人民元の切り下げでハイ・イールド債は「お先真っ暗」だそうです

中国が20年ぶりに人民元の大規模切り下げを実施したことで、さまざまなところで影響が出ているようです。とくに悲観的な観測が広がっているのが米国のハイ・イールド債(ジャンク債)だとか。ブルームバーグによると、先行きが真っ暗になったそうです。

中国「不吉な前兆」でお先真っ暗-瀬戸際のジャンク債投資家(ブルームバーク)

日本でもハイ・イールド債は、なぜだか人気があるのですが、投資している人たちは大丈夫かしら。

ブルームバーグの記事によると人民元の切り下げを契機にドル建てハイ・イールド債(投機的格付け債)の平均価格は2011年以来の安値に下落したそうです。とくにエネルギー関連の社債価格の下落が酷く、デフォルト率も2003年以来の高水準になっているとか。その理由を記事は次のように説明しています。
人民元の切り下げが米国の社債にこれほど打撃を与える理由が存在する。切り下げは中国の成長がアナリストの予想以上に減速しつつある可能性を示唆し、同国からの継続的な需要を当てにする工業セクターの企業を直撃する。天然資源価格の下落で債務の返済が既に苦しい一次産品の生産会社にとっては特に深刻だ。
このように地合いが一気に悪化すると社債への投資というのは非常に難しいものです。

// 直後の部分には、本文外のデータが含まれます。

Lemma Ulam_split lam : Ulam lam u Q x y =
  M2add (Ulam (RtoC 1) u Q x y) (M2scal (Cminus lam (RtoC 1)) (M2lower (Ulam (RtoC 1) u Q x y))).
Proof.
  unfold Ulam, M2lower; generalize (rdz u x y) (Q x y) (emu2 u x y) (eu2 u x y); intros; entrywise.
Qed.

Lemma Vlam_split lam : Vlam lam u Q x y =
  M2add (Vlam (RtoC 1) u Q x y) (M2scal (Cminus (Cinv lam) (RtoC 1)) (M2upper (Vlam (RtoC 1) u Q x y))).
Proof.
  unfold Vlam, M2upper; rewrite Cinv_1.
  generalize (Cinv lam) (rdzb u x y) (Q x y) (emu2 u x y) (eu2 u x y); intros; entrywise.
Qed.

Lemma dlam_coef_x_extended lam :
  dlam_coef_x lam Nframe (dN_frame (alpha_x (RtoC 1))) (dN_frame (alpha_y (RtoC 1))) =
  M2sub (alpha_x lam) (alpha_x (RtoC 1)).
Proof.
  unfold alpha_x, alpha_y.
  rewrite dlam_coef_x_frame by (apply Ulam_traceless || apply Vlam_traceless).
  rewrite (Ulam_split lam), (Vlam_split lam).
  generalize (Ulam (RtoC 1) u Q x y) (Vlam (RtoC 1) u Q x y); intros; unfold M2lower, M2upper; entrywise.
Qed.

Lemma dlam_coef_y_extended lam :
  dlam_coef_y lam Nframe (dN_frame (alpha_x (RtoC 1))) (dN_frame (alpha_y (RtoC 1))) =
  M2sub (alpha_y lam) (alpha_y (RtoC 1)).
Proof.
  unfold alpha_x, alpha_y.
  rewrite dlam_coef_y_frame by (apply Ulam_traceless || apply Vlam_traceless).
  rewrite (Ulam_split lam), (Vlam_split lam).
  generalize (Ulam (RtoC 1) u Q x y) (Vlam (RtoC 1) u Q x y); intros; unfold M2lower, M2upper; entrywise.
Qed.

End ExtendedFrame.

Lemma inv_mul_dx (G : Field) x y V W :
  M2mul (M2inv (G x y)) (dz G x y) = V -> M2mul (M2inv (G x y)) (dzb G x y) = W ->
  M2mul (M2inv (G x y)) (dx G x y) = M2add V W.
Proof. intros <- <-; unfold dz, dzb; generalize (M2inv (G x y)) (dx G x y) (dy G x y); intros; entrywise. Qed.

Lemma inv_mul_dy (G : Field) x y V W :
  M2mul (M2inv (G x y)) (dz G x y) = V -> M2mul (M2inv (G x y)) (dzb G x y) = W ->
  M2mul (M2inv (G x y)) (dy G x y) = M2scal Ci (M2sub V W).
Proof. intros <- <-; unfold dz, dzb; generalize (M2inv (G x y)) (dx G x y) (dy G x y); intros; entrywise. Qed.

Lemma gauge_conj_identity F P L s sx : M2det F = RtoC 1 -> M2tr P = RtoC 0 ->
  V2add sx (M2app (M2conj F (M2sub L P)) s) =
  M2app F (V2add (V2add (M2app (M2adj (M2mul F P)) s) (M2app (M2adj F) sx))
                 (M2app L (M2app (M2adj F) s))).
Proof.
  intros HF HP; rewrite (traceless_form P HP).
  transitivity (V2add (M2app (M2mul F (M2adj F)) sx)
                      (M2app (M2conj F (M2sub L (mkM2 (a11 P) (a12 P) (a21 P) (Copp (a11 P))))) s)).
  - rewrite M2mul_adj_r, HF; entrywise.
  - entrywise.
Qed.

Section OnOpenSet.

Variable U : R -> R -> Prop.
Hypothesis U_open : open2 U.

Lemma dx_eq_on_open (G H : Field) x y D : U x y -> (forall x y, U x y -> H x y = G x y) ->
  is_derive_M2 (fun t => H t y) x D -> dx G x y = D.
Proof.
  intros Hxy HG HD.
  assert (E : is_derive_M2 (fun t => G t y) x D).
  { eapply is_derive_M2_ext_loc; [| exact HD].
    eapply filter_imp; [| exact (open2_locally_x U x y U_open Hxy)]; auto. }
  destruct E as (e1 & e2 & e3 & e4); unfold dx.
  now rewrite (derC_unique _ _ _ e1), (derC_unique _ _ _ e2), (derC_unique _ _ _ e3),
    (derC_unique _ _ _ e4); destruct D.
Qed.

Lemma dy_eq_on_open (G H : Field) x y D : U x y -> (forall x y, U x y -> H x y = G x y) ->
  is_derive_M2 (fun t => H x t) y D -> dy G x y = D.
Proof.
  intros Hxy HG HD.
  assert (E : is_derive_M2 (fun t => G x t) y D).
  { eapply is_derive_M2_ext_loc; [| exact HD].
    eapply filter_imp; [| exact (open2_locally_y U x y U_open Hxy)]; auto. }
  destruct E as (e1 & e2 & e3 & e4); unfold dy.
  now rewrite (derC_unique _ _ _ e1), (derC_unique _ _ _ e2), (derC_unique _ _ _ e3),
    (derC_unique _ _ _ e4); destruct D.
Qed.

Lemma sdx_eq_on_open (s r : Sect) x y d : U x y -> (forall x y, U x y -> r x y = s x y) ->
  is_derive_V2 (fun t => r t y) x d -> sdx s x y = d.
Proof.
  intros Hxy Hs Hd.
  assert (E : is_derive_V2 (fun t => s t y) x d).
  { eapply is_derive_V2_ext_loc; [| exact Hd].
    eapply filter_imp; [| exact (open2_locally_x U x y U_open Hxy)]; auto. }
  destruct E as (e1 & e2); unfold sdx.
  now rewrite (derC_unique _ _ _ e1), (derC_unique _ _ _ e2); destruct d.
Qed.

Lemma sdy_eq_on_open (s r : Sect) x y d : U x y -> (forall x y, U x y -> r x y = s x y) ->
  is_derive_V2 (fun t => r x t) y d -> sdy s x y = d.
Proof.
  intros Hxy Hs Hd.
  assert (E : is_derive_V2 (fun t => s x t) y d).
  { eapply is_derive_V2_ext_loc; [| exact Hd].
    eapply filter_imp; [| exact (open2_locally_y U x y U_open Hxy)]; auto. }
  destruct E as (e1 & e2); unfold sdy.
  now rewrite (derC_unique _ _ _ e1), (derC_unique _ _ _ e2); destruct d.
Qed.


Lemma dx_agree_on_open (G H : Field) x y : U x y -> (forall x y, U x y -> H x y = G x y) ->
  ex_dx H x y -> dx G x y = dx H x y.
Proof. intros Hxy HG HH; apply (dx_eq_on_open G H); auto using is_derive_M2_dx. Qed.

Lemma dy_agree_on_open (G H : Field) x y : U x y -> (forall x y, U x y -> H x y = G x y) ->
  ex_dy H x y -> dy G x y = dy H x y.
Proof. intros Hxy HG HH; apply (dy_eq_on_open G H); auto using is_derive_M2_dy. Qed.

Variables (N F : Field).
Hypothesis N_frame : forall x y, U x y -> N x y = M2conj (F x y) Nframe.

Lemma gauss_map_dx x y P : U x y -> ex_dx F x y -> dx F x y = M2mul (F x y) P ->
  dx N x y = M2conj (F x y) (dN_frame P).
Proof.
  intros Hxy HFx EFx; unfold dN_frame; rewrite <- M2conj_derivative_frame, <- EFx.
  apply (dx_eq_on_open N (fun x y => M2conj (F x y) Nframe)).
  - exact Hxy.
  - intros a b Hab; symmetry; apply N_frame, Hab.
  - apply (is_derive_M2_conj (fun t => F t y)), is_derive_M2_dx, HFx.
Qed.

Lemma gauss_map_dy x y P : U x y -> ex_dy F x y -> dy F x y = M2mul (F x y) P ->
  dy N x y = M2conj (F x y) (dN_frame P).
Proof.
  intros Hxy HFy EFy; unfold dN_frame; rewrite <- M2conj_derivative_frame, <- EFy.
  apply (dy_eq_on_open N (fun x y => M2conj (F x y) Nframe)).
  - exact Hxy.
  - intros a b Hab; symmetry; apply N_frame, Hab.
  - apply (is_derive_M2_conj (fun t => F x t)), is_derive_M2_dy, HFy.
Qed.

Hypothesis F_det1 : forall x y, U x y -> M2det (F x y) = RtoC 1.

Lemma sdx_inv_frame (s : Sect) x y : U x y -> ex_dx F x y -> ex_sd s x y ->
  sdx (fun a b => M2app (M2inv (F a b)) (s a b)) x y =
  V2add (M2app (M2adj (dx F x y)) (s x y)) (M2app (M2adj (F x y)) (sdx s x y)).
Proof.
  intros Hxy HFx Hs.
  apply (sdx_eq_on_open _ (fun a b => M2app (M2adj (F a b)) (s a b))).
  - exact Hxy.
  - intros a b Hab; rewrite M2inv_det1 by (apply F_det1, Hab); reflexivity.
  - apply (is_derive_V2_app (fun t => M2adj (F t y)) (fun t => s t y)).
    + apply (is_derive_M2_adj (fun t => F t y)), is_derive_M2_dx, HFx.
    + apply is_derive_V2_sdx, Hs.
Qed.

Lemma sdy_inv_frame (s : Sect) x y : U x y -> ex_dy F x y -> ex_sd s x y ->
  sdy (fun a b => M2app (M2inv (F a b)) (s a b)) x y =
  V2add (M2app (M2adj (dy F x y)) (s x y)) (M2app (M2adj (F x y)) (sdy s x y)).
Proof.
  intros Hxy HFy Hs.
  apply (sdy_eq_on_open _ (fun a b => M2app (M2adj (F a b)) (s a b))).
  - exact Hxy.
  - intros a b Hab; rewrite M2inv_det1 by (apply F_det1, Hab); reflexivity.
  - apply (is_derive_V2_app (fun t => M2adj (F x t)) (fun t => s x t)).
    + apply (is_derive_M2_adj (fun t => F x t)), is_derive_M2_dy, HFy.
    + apply is_derive_V2_sdy, Hs.
Qed.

株式以上に流動性が低下するので、売るに売れなくなる。投資不適格債であるハイ・イールド債となれば、なおさらです。まさに「お先真っ暗」という表現が関係者の気持ちをよく表しています。

世界的に投資適格債の金利低下が続いていたことで、ハイ・イールド債は人気だったわけですが、今回の事態で潮目が変わるかもしれませんね。そもそも景気が悪化したときのクッション役として債券をポートフォリオに組み入れるというのが国際分散投資のセオリーですが、ハイ・イールド債は景気が悪化するとデフォルト率が高まって値下がりするわけですから、普通の債券投資とはまったく別の論理で成り立っている商品です。その意味では、極めてプロ向け度の高いアセットカテゴリーですから、それほど個人投資家が熱心に投資するべき商品ではないということがよくわかるというものです。

さて、日本でもハイ・イールド債に投資する投資信託はけっこう人気なのですが、これからどうなっていくのでしょうか。そもそもハイ・イールド債とは何なのかを理解して投資している人が、どれだけいるのやら。あまり無理をして火傷しないことを願わずにはいられません。